Work required
In the entries below, find the line containing "by rewrite ler_piMl // ltW." and the line containing "by rewrite ffactn0 muln0 /=; field.". Copy those two lines and everything between them exactly, and only that.
Segment Start: Records to process
(* Let $G$ be a connected graph on $n\ge 2$ vertices. Then $$\frac{2}{n-1}\le \gamma(G)\le \frac{n}{n-1}.$$ Equality holds in the lower bound if and only if $G$ is isomorphic to the path $P_n$, and equality holds in the upper bound if and only if $G$ is isomorphic to the complete graph $K_n$.
   Context: For a finite simple undirected graph $G$ with $n$ vertices, let $\mathcal{F}=\{x\in\mathbb{R}^{V(G)} : \sum_{v} x_v = 0,\ \|x\|_\infty = 1\}$, for $x\in\mathcal{F}$ let $\gamma_x(G)=\max_{uv\in E(G)}|x_u-x_v|$, and $\gamma(G)=\min_{x\in\mathcal{F}}\gamma_x(G)$. *)

From mathcomp Require Import all_boot all_order all_algebra.
From mathcomp Require Import boolp classical_sets reals.
Set Implicit Arguments. Unset Strict Implicit. Unset Printing Implicit Defensive.
Import Order.TTheory GRing.Theory Num.Theory.
Local Open Scope ring_scope.
Local Open Scope classical_set_scope.

Definition simple_graph (T : finType) (e : rel T) : Prop :=
  symmetric e /\ irreflexive e.

Definition connected_graph (T : finType) (e : rel T) : Prop :=
  forall u v : T, connect e u v.

Definition supnorm (R : realType) (T : finType) (x : T -> R) : R :=
  \big[Num.max/0]_(v : T) `|x v|.

Definition Fset (R : realType) (T : finType) : set (T -> R) :=
  [set x | \sum_(v : T) x v = 0 /\ supnorm x = 1].

Definition gamma_x (R : realType) (T : finType) (e : rel T) (x : T -> R) : R :=
  \big[Num.max/0]_(p : T * T | e p.1 p.2) `|x p.1 - x p.2|.

(* gamma(G) = min over x in F of gamma_x(G) (taken as an infimum) *)
Definition gamma (R : realType) (T : finType) (e : rel T) : R :=
  inf [set gamma_x e x | x in @Fset R T].

Definition iso_path (T : finType) (e : rel T) : Prop :=
  exists f : T -> 'I_#|T|, bijective f /\
    forall u v, e u v = ((f u).+1 == f v) || ((f v).+1 == f u).

Definition iso_complete (T : finType) (e : rel T) : Prop :=
  forall u v, e u v = (u != v).

Arguments gamma R {T} e.

From mathcomp Require Import all_boot all_order all_algebra.
From mathcomp Require Import boolp classical_sets reals.
From mathcomp Require Import zify ring lra.
Set Implicit Arguments. Unset Strict Implicit. Unset Printing Implicit Defensive.
Import Order.TTheory GRing.Theory Num.Theory.
Local Open Scope ring_scope.

(* Let x be feasible and i a vertex with |x_i| = 1.  Along a
   shortest path x changes by at most gamma_x per edge, so
   n = |sum_v (x_i - x_v)| <= gamma_x * sum_v d(i, v).  The distances from i
   fill every level 0 .. max d(i, _), so a vertex at distance k has at least
   k vertices strictly closer to i; hence sum_v d(i, v) <= n (n - 1) / 2, with
   equality only if the distances are pairwise distinct, i.e. only if G is a
   path with end i.  The "star" vector (1 at one vertex, -1/(n-1) elsewhere) has
   gamma_x <= n/(n-1); if u, w are not adjacent, e_u - e_w has gamma_x <= 1;
   and in K_n every distance sum is n - 1, which forces gamma_x >= n/(n-1). *)

Section Distance.
Variables (T : finType) (e : rel T).
Lemma entry_in_heartE k : entry_in_heart T k = (heart_val == k).
Proof.
apply/existsP/eqP => [[b /andP[/eqP <-]]|<-]; last first.
  by exists (heart_box n); rewrite /in_heart brow_heart bcol_heart !eqxx.
rewrite /in_heart; case: (boxP b) => [c lt_c|r /andP[r_gt0 lt_r]|] //=.
- by rewrite brow_arm.
- by rewrite bcol_leg andbF.
Qed.

Definition increasing_filling :=
  [/\ sorted ltn arm_row, sorted ltn leg_col,
      arm_val 1 < heart_val & leg_val 1 < heart_val].

Lemma rows_cols_increasingP :
  [forall b1, forall b2, ((brow b1 == brow b2) && (bcol b1 < bcol b2)) ==>
                          (val (T b1) < val (T b2))] &&
  [forall b1, forall b2, ((bcol b1 == bcol b2) && (brow b1 < brow b2)) ==>
                          (val (T b1) < val (T b2))]
  <-> increasing_filling.
Proof.
have homo_map_iota (f : nat -> nat) :
    (forall i j, i < j < n+2 -> f i < f j) -> sorted ltn (map f (iota 0 (n+2))).
  move=> f_mono; apply: (homo_sorted_in (P := fun i => i < n+2)); last exact: iota_ltn_sorted.
    by move=> i j /= lt_i lt_j lt_ij; apply: f_mono; lia.
  by apply/allP => i; rewrite mem_iota.
split=> [/andP[/forallP inc_row /forallP inc_col]|[arm_sorted leg_sorted lt_arm1 lt_leg1]].
  split; try (apply: homo_map_iota => c c' /andP[lt_cc' lt_c']).
  - by have /forallP/(_ (arm_box n c'))/implyP := inc_row (arm_box n c); apply;
      rewrite !brow_arm !bcol_arm //; lia.
  - by have /forallP/(_ (leg_box n c'))/implyP := inc_col (leg_box n c); apply;
      rewrite !bcol_leg !brow_leg //; lia.
  - by have /forallP/(_ (heart_box n))/implyP := inc_col (arm_box n 1); apply;
      rewrite brow_arm bcol_arm ?bcol_heart ?brow_heart //; lia.
  - by have /forallP/(_ (heart_box n))/implyP := inc_row (leg_box n 1); apply;
      rewrite bcol_leg brow_leg ?bcol_heart ?brow_heart //; lia.
have arm_inc c c' : c < c' < n+2 -> arm_val c < arm_val c'.
  move=> lt_cc'; rewrite -!nth_arm_row; try lia.
  by apply: (sorted_ltn_nth ltn_trans 0 arm_sorted); rewrite ?inE ?size_arm_row; lia.
have leg_inc r r' : r < r' < n+2 -> leg_val r < leg_val r'.
  move=> lt_rr'; rewrite -!nth_leg_col; try lia.
  by apply: (sorted_ltn_nth ltn_trans 0 leg_sorted); rewrite ?inE ?size_leg_col; lia.
have leg_arm_inc r : 0 < r < n+2 -> arm_val 0 < leg_val r.
  by move=> lt_r; rewrite -leg_val0; apply: leg_inc; lia.
apply/andP; split; apply/forallP => b1; apply/forallP => b2; apply/implyP.
all: case: (boxP b1) => [c lt_c|r lt_r|]; case: (boxP b2) => [c' lt_c'|r' lt_r'|].
all: rewrite ?brow_arm ?bcol_arm ?brow_leg ?bcol_leg ?brow_heart ?bcol_heart //; try lia.
all: rewrite -/(arm_val _) -/(leg_val _) -/heart_val.
all: try by move=> ?; (apply: arm_inc || apply: leg_inc); lia.
all: move=> /andP[/eqP eq_idx _]; subst => //.
exact: leg_arm_inc.
Qed.
Definition frames_near (r : R) S S' : Prop :=
  forall t a, a \in S t -> exists2 b, b \in S' t & `|a - b| <= r.

Lemma dseq_le S S' r : 0 <= r -> (forall t, exists a, a \in S t) ->
  frames_near r S S' -> frames_near r S' S -> dseq S S' <= m%:R * r.
Proof.
move=> r_ge0 S_nonempty near_SS' near_S'S.
apply: bigmax_le => [|t _]; first by rewrite mulr_ge0.
have edist_le a b r' : `|a - b| <= r' -> Defs.edist a b <= m%:R * r'.
  by move=> ab_le; rewrite (le_trans (edist_le_norm a b)) // ler_wpM2l.
rewrite /hausdorff ge_max; apply/andP; split.
  apply: sup_inf_le => [||a /near_SS' [b Sb ab_le]]; last by exists b; rewrite ?edist_le.
  - by have [a Sa] := S_nonempty t; exists a.
  - by move=> *; exact: sqrtr_ge0.
apply: (@sup_inf_le _ _ _ (fun b a => Defs.edist a b)) => [||b /near_S'S [a Sa ba_le]].
- by have [a /near_SS' [b Sb _]] := S_nonempty t; exists b.
- by move=> *; exact: sqrtr_ge0.
by exists a; rewrite ?edist_le // distrC.
Qed.

Lemma pc_seq_frames_nonempty n S : (0 < n)%N -> pc_seq n S ->
  forall t, exists a, a \in S t.
Proof.
by move=> n_gt0 pS t; have [card_St _] := pS t; apply/fset0Pn; rewrite -cardfs_gt0 card_St.
Qed.

Section Grid.
Variable N : nat.
Hypothesis N_gt0 : (0 < N)%N.

Definition grid_point (c : 'rV['I_N.+1]_m) : 'rV[R]_m :=
  \row_i ((c ord0 i)%:R / N%:R).

Definition grid_round x : 'rV['I_N.+1]_m :=
  \row_i inord (Num.truncn (x ord0 i * N%:R)).

Lemma grid_round_dist x : cube x -> `|x - grid_point (grid_round x)| <= N%:R^-1.
Proof.
move=> x_cube; have N_pos : 0 < N%:R :> R by rewrite ltr0n.
apply: rV_norm_le => [|i]; first by rewrite invr_ge0 ltW.
have /andP[x_ge0 x_le1] := x_cube i.
have xN_ge0 : 0 <= x ord0 i * N%:R by rewrite mulr_ge0 // ltW.
have k_lt : (Num.truncn (x ord0 i * N%:R) < N.+1)%N.
  rewrite ltnS truncn_le_nat (@le_lt_trans _ _ N%:R) ?ltr_nat //.
  by rewrite ler_piMl // ltW.
rewrite !mxE inordK //; set k := Num.truncn _.
have /andP[k_le k_gt] := truncn_itv xN_ge0.
have k_le_x : k%:R / N%:R <= x ord0 i by rewrite ler_pdivrMr.
have x_lt : x ord0 i < k%:R / N%:R + N%:R^-1.
  by rewrite -[X in _ + X]mul1r -mulrDl ltr_pdivlMr // natr1.
rewrite ler_norml; apply/andP; split; lra.
Qed.
Lemma lim_dfact_ratio_lt e m : (e < m)%N ->
  is_lim_seq (fun n => INR n ^ e * INR (dfact (n - m)) / INR (dfact n)) 0.
Proof.
move=> em; apply: (is_lim_seq_ext_loc (fun n => INR n ^ m * INR (dfact (n - m)) / INR (dfact n) *
                                                / INR n ^ (m - e))).
  exists 1%N => n /leP n_gt0; have : 0 < INR n by apply: lt_0_INR; apply/ltP.
  have -> : INR n ^ m = INR n ^ (m - e) * INR n ^ e by rewrite -pow_add; congr (_ ^ _); lia.
  move=> ?; have := dfact_INR_gt0 n.
  by move=> ?; field; split; [lra | apply: pow_nonzero; lra].
have := is_lim_seq_mult' _ _ _ _ (lim_dfact_ratio m) (lim_inv_pow (m - e) _).
by rewrite Rmult_0_r subn_gt0; apply.
Qed.

Lemma INR_subn_ge (a b : nat) : INR a - INR b <= INR (a - b).
Proof.
have [ba | ab] := leqP b a; first by rewrite INR_subn //; lra.
rewrite (_ : a - b = 0)%N /=; last by lia.
by have := lt_INR _ _ (ltP ab); lra.
Qed.

Section FallingFactorialRatio.
Variables (u : nat -> nat) (d : nat) (a : R).
Hypotheses (d_gt0 : (0 < d)%N) (lim_u : is_lim_seq (fun n => INR (u n) / INR n ^ d) a).

Lemma lim_ffact_ratio r : is_lim_seq (fun n => INR (u n ^_ r) / INR n ^ (d * r)) (a ^ r).
Proof.
elim: r => [|r IH].
  apply: (is_lim_seq_ext (fun _ => 1)) => [n|]; last exact: is_lim_seq_const.
  by rewrite ffactn0 muln0 /=; field.
have lim_ur : is_lim_seq (fun n => INR (u n - r) / INR n ^ d) a.
  apply: (is_lim_seq_le_le_loc (fun n => INR (u n) / INR n ^ d - INR r * / INR n ^ d) _
                               (fun n => INR (u n) / INR n ^ d)); last exact: lim_u.
    exists 1%N => n /leP n_gt0; have : 0 < / INR n ^ d.
      by apply/Rinv_0_lt_compat/pow_lt/lt_0_INR/ltP.
    move=> inv_gt0; rewrite /Rdiv -Rmult_minus_distr_r; split; apply: Rmult_le_compat_r; try lra.
      exact: INR_subn_ge.
    by apply/le_INR/leP; apply: leq_subr.
  have := is_lim_seq_minus' _ _ _ _ lim_u (is_lim_seq_scal_l _ (INR r) _ (lim_inv_pow d d_gt0)).
  by rewrite /= Rmult_0_r Rminus_0_r.
apply: (is_lim_seq_ext_loc (fun n => INR (u n ^_ r) / INR n ^ (d * r) * (INR (u n - r) / INR n ^ d))).
  exists 1%N => n /leP n_gt0; have : 0 < INR n by apply/lt_0_INR/ltP.
  have -> : INR n ^ (d * r.+1) = INR n ^ (d * r) * INR n ^ d.
    by rewrite -pow_add; congr (_ ^ _); lia.
  by rewrite ffactnSr INR_muln => ?; field; split; apply: pow_nonzero; lra.
by have := is_lim_seq_mult' _ _ _ _ IH lim_ur; rewrite Rmult_comm.
Qed.

Lemma lim_bin_ratio r : is_lim_seq (fun n => INR 'C(u n, r) / INR n ^ (d * r)) (a ^ r / INR (fact r)).
Proof.
apply: (is_lim_seq_ext_loc (fun n => INR (u n ^_ r) / INR n ^ (d * r) / INR (fact r))).
  exists 1%N => n /leP n_gt0; have : 0 < INR n by apply/lt_0_INR/ltP.
  rewrite fact_factorial -bin_ffact INR_muln; have := INR_fact_lt_0 r; rewrite fact_factorial => *.
  by field; split; try apply: pow_nonzero; lra.
apply: (is_lim_seq_div' _ _ _ _ (lim_ffact_ratio r) (is_lim_seq_const _)).
by have := INR_fact_lt_0 r; lra.
Qed.

End FallingFactorialRatio.

Lemma lim_admissible_ratio : is_lim_seq (fun n => INR #|admissible_sites n| / INR n ^ 2) 2.
Proof.
apply: (is_lim_seq_ext_loc (fun n => (1 - 1 * / INR n) * (2 - 3 * / INR n))).
  exists 2%N => n /leP n_ge2; have : 2 <= INR n by apply: (le_INR 2); apply/leP.
  rewrite card_admissible_sites INR_muln INR_subn ?(INR_muln 2) -?subn1 ?INR_subn; try lia.
  by move=> ?; rewrite /=; field; lra.
have lim_c c e : is_lim_seq (fun n => c - e * / INR n) c.
  have := is_lim_seq_minus' _ _ _ _ (is_lim_seq_const c) (is_lim_seq_scal_l _ e _ lim_inv_INR).
  by rewrite /= Rmult_0_r Rminus_0_r.
by have := is_lim_seq_mult' _ _ _ _ (lim_c 1 1) (lim_c 2 3); rewrite Rmult_1_l.
Qed.

Lemma lim_draws_dfact_ratio s f e m (L : R) : e = (2 * s + f)%N ->
  is_lim_seq (fun n => INR n ^ e * INR (dfact (n - m)) / INR (dfact n)) L ->
  is_lim_seq (fun n => INR n ^ f * INR 'C(#|admissible_sites n|, s) * INR (dfact (n - m)) /
                        INR (dfact n)) (2 ^ s / INR (fact s) * L).
Proof.
move=> -> lim_d; apply: (is_lim_seq_ext_loc (fun n => INR 'C(#|admissible_sites n|, s) / INR n ^ (2 * s) *
   (INR n ^ (2 * s + f) * INR (dfact (n - m)) / INR (dfact n)))).
  exists 1%N => n /leP n_gt0; have : 0 < INR n by apply/lt_0_INR/ltP.
  have -> : INR n ^ (2 * s + f) = INR n ^ (2 * s) * INR n ^ f by rewrite -pow_add.
  have := dfact_INR_gt0 n => *; by field; split; try apply: pow_nonzero; lra.
exact: is_lim_seq_mult' _ _ _ _ (lim_bin_ratio _ 2%N 2 isT lim_admissible_ratio s) lim_d.
Qed.

Local Notation V n := #|admissible_sites n|.

Lemma lim_main_term r :
  is_lim_seq (fun n => INR ('C(V n, r) * dfact (n - 2 * r)) / INR (dfact n)) ((1 / 2) ^ r / INR (fact r)).
Proof.
apply: (is_lim_seq_ext (fun n => INR n ^ 0 * INR 'C(V n, r) * INR (dfact (n - 2 * r)) / INR (dfact n)))
  => [n|]; first by rewrite INR_muln /= Rmult_1_l.
have -> : (1 / 2) ^ r / INR (fact r) = 2 ^ r / INR (fact r) * (1 / 2) ^ (2 * r).
  have -> : (1 / 2) ^ (2 * r) = ((1 / 2) ^ 2) ^ r by rewrite -pow_mult.
  rewrite /Rdiv Rmult_assoc (Rmult_comm (/ _)) -Rmult_assoc -Rpow_mult_distr.
  by congr (_ ^ _ * _); field.
by apply: (lim_draws_dfact_ratio r 0 (2 * r)); [rewrite addn0 | apply: lim_dfact_ratio].
Qed.

Lemma lim_error_term r :
  is_lim_seq (fun n => INR ('C(V n, r) * (r * dfact (n - 2 * r - 1))) / INR (dfact n)) 0.
Proof.
apply: (is_lim_seq_ext (fun n => INR r * (INR n ^ 0 * INR 'C(V n, r) *
                                  INR (dfact (n - (2 * r).+1)) / INR (dfact n)))) => [n|].
  by rewrite !INR_muln subnS subn1 /= /Rdiv; ring.
have := is_lim_seq_scal_l _ (INR r) _ (lim_draws_dfact_ratio r 0 _ _ _ (esym (addn0 _))
  (lim_dfact_ratio_lt (2 * r) (2 * r).+1 (ltnSn _))).
by rewrite /= !Rmult_0_r.
Qed.

Lemma lim_non_sparse_term r :
  is_lim_seq (fun n => INR ((1 < r) * (224 * n ^ 3 * 'C(V n, r - 2)) * dfact (n - 2 * r)) /
                       INR (dfact n)) 0.
Proof.
case: r => [|[|s]].
- by apply: (is_lim_seq_ext (fun _ => 0)) => [n|]; rewrite ?Rdiv_0_l //; apply: is_lim_seq_const.
- by apply: (is_lim_seq_ext (fun _ => 0)) => [n|]; rewrite ?Rdiv_0_l //; apply: is_lim_seq_const.
apply: (is_lim_seq_ext (fun n => 224 * (INR n ^ 3 * INR 'C(V n, s) *
                                  INR (dfact (n - (2 * s + 4))) / INR (dfact n)))) => [n|].
  rewrite mul1n !INR_muln (INR_IZR_INZ 224) subn2 /= (_ : (2 * s.+2 = 2 * s + 4)%N); last by lia.
  by rewrite /Rdiv; ring.
have := is_lim_seq_scal_l _ 224 _ (lim_draws_dfact_ratio s 3 _ _ _ (erefl (2 * s + 3)%N)
  (lim_dfact_ratio_lt (2 * s + 3) (2 * s + 4) _)).
by rewrite /= !Rmult_0_r; apply; lia.
Qed.

Lemma lim_fmoment p r :
  is_lim_seq (fun n => INR (fmoment p n r) / INR (dfact n)) ((1 / 2) ^ r / INR (fact r)).
Proof.
pose main n := INR ('C(V n, r) * dfact (n - 2 * r)) / INR (dfact n).
pose err n := INR ('C(V n, r) * (r * dfact (n - 2 * r - 1))) / INR (dfact n) +
  INR ((1 < r) * (224 * n ^ 3 * 'C(V n, r - 2)) * dfact (n - 2 * r)) / INR (dfact n).
apply: (is_lim_seq_le_le (fun n => main n - err n) _ main) => [n | | ]; last exact: lim_main_term.
  have Dinv_gt0 := Rinv_0_lt_compat _ (dfact_INR_gt0 n).
  have /leP/le_INR upper := fmoment_le p n r.
  have /leP/le_INR : ('C(V n, r) * dfact (n - 2 * r) <= fmoment p n r +
      'C(V n, r) * (r * dfact (n - 2 * r - 1)) +
      (1 < r) * (224 * n ^ 3 * 'C(V n, r - 2)) * dfact (n - 2 * r))%N.
    apply: leq_trans (fmoment_ge p n r) _; rewrite leq_add2l leq_mul2r; apply/orP; right.
    by apply: leq_trans (non_sparse_le n r) _; rewrite leq_mul2l leq_mul2r card_close_pairs !orbT.
  rewrite !INR_addn /main /err /Rdiv => lower; split; nra.
have := is_lim_seq_minus' _ _ _ _ (lim_main_term r)
  (is_lim_seq_plus' _ _ _ _ (lim_error_term r) (lim_non_sparse_term r)).
by rewrite Rplus_0_r Rminus_0_r.
Qed.

Lemma is_lim_seq_sandwich (u : nat -> R) (L : R) :
  (forall eps, 0 < eps -> exists (l w : nat -> R) (ll lw : R),
     [/\ forall n, l n <= u n <= w n, is_lim_seq l ll, is_lim_seq w lw &
         L - eps <= ll /\ lw <= L + eps]) ->
  is_lim_seq u L.
Proof.
move=> approx; apply/is_lim_seq_spec => eps.
have [|l [w [ll [lw [luw /is_lim_seq_spec lim_l /is_lim_seq_spec lim_w [hl hw]]]]]] :=
  approx (eps / 2); first by have := cond_pos eps; lra.
apply: filter_imp (filter_and _ _ (lim_l (pos_div_2 eps)) (lim_w (pos_div_2 eps))) => n /=.
move=> [/Rabs_def2 [l1 l2] /Rabs_def2 [w1 w2]]; have [lu uw] := luw n.
by apply: Rabs_def1; lra.
Qed.

Lemma pow_neg1 t : (-1) ^ t = if odd t then -1 else 1.
Proof. by elim: t => //= t ->; case: (odd t) => /=; ring. Qed.

Lemma lim_exp_partial_sum x :
  is_lim_seq (fun t => sum_f_R0 (fun j => / INR (fact j) * x ^ j) t) (exp x).
Proof. by apply/is_lim_seq_Reals; apply: (proj2_sig (exist_exp x)). Qed.

Section PoissonLimit.
Variables (ys : nat -> seq nat) (D : nat -> R) (lam : R).
Local Notation fmoment n r := (\sum_(y <- ys n) 'C(y, r)).
Hypotheses (D_gt0 : forall n, 0 < D n)
  (lim_fmoment : forall r, is_lim_seq (fun n => INR (fmoment n r) / D n) (lam ^ r / INR (fact r))).

Definition alt_sum k t n := (INR (bonferroni_sum (fun j => ~~ odd j) k t (fun r => fmoment n r)) -
                             INR (bonferroni_sum odd k t (fun r => fmoment n r))) / D n.

Lemma bonferroni_sum_seq P k t n :
  bonferroni_sum P k t (fun r => fmoment n r) = (\sum_(y <- ys n) bonferroni_sum P k t (binomial y))%N.
Proof. by rewrite /bonferroni_sum exchange_big; apply: eq_bigr => j _; rewrite big_distrr. Qed.

Lemma count_memE k n : count_mem k (ys n) = (\sum_(y <- ys n) (y == k))%N.
Proof. by rewrite -sum1_count big_mkcond; apply: eq_bigr => y _ /=; case: (y == k). Qed.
Segment End: Records to process
Result
  by rewrite ler_piMl // ltW.
rewrite !mxE inordK //; set k := Num.truncn _.
have /andP[k_le k_gt] := truncn_itv xN_ge0.
have k_le_x : k%:R / N%:R <= x ord0 i by rewrite ler_pdivrMr.
have x_lt : x ord0 i < k%:R / N%:R + N%:R^-1.
  by rewrite -[X in _ + X]mul1r -mulrDl ltr_pdivlMr // natr1.
rewrite ler_norml; apply/andP; split; lra.
Qed.
Lemma lim_dfact_ratio_lt e m : (e < m)%N ->
  is_lim_seq (fun n => INR n ^ e * INR (dfact (n - m)) / INR (dfact n)) 0.
Proof.
move=> em; apply: (is_lim_seq_ext_loc (fun n => INR n ^ m * INR (dfact (n - m)) / INR (dfact n) *
                                                / INR n ^ (m - e))).
  exists 1%N => n /leP n_gt0; have : 0 < INR n by apply: lt_0_INR; apply/ltP.
  have -> : INR n ^ m = INR n ^ (m - e) * INR n ^ e by rewrite -pow_add; congr (_ ^ _); lia.
  move=> ?; have := dfact_INR_gt0 n.
  by move=> ?; field; split; [lra | apply: pow_nonzero; lra].
have := is_lim_seq_mult' _ _ _ _ (lim_dfact_ratio m) (lim_inv_pow (m - e) _).
by rewrite Rmult_0_r subn_gt0; apply.
Qed.

Lemma INR_subn_ge (a b : nat) : INR a - INR b <= INR (a - b).
Proof.
have [ba | ab] := leqP b a; first by rewrite INR_subn //; lra.
rewrite (_ : a - b = 0)%N /=; last by lia.
by have := lt_INR _ _ (ltP ab); lra.
Qed.

Section FallingFactorialRatio.
Variables (u : nat -> nat) (d : nat) (a : R).
Hypotheses (d_gt0 : (0 < d)%N) (lim_u : is_lim_seq (fun n => INR (u n) / INR n ^ d) a).

Lemma lim_ffact_ratio r : is_lim_seq (fun n => INR (u n ^_ r) / INR n ^ (d * r)) (a ^ r).
Proof.
elim: r => [|r IH].
  apply: (is_lim_seq_ext (fun _ => 1)) => [n|]; last exact: is_lim_seq_const.
  by rewrite ffactn0 muln0 /=; field.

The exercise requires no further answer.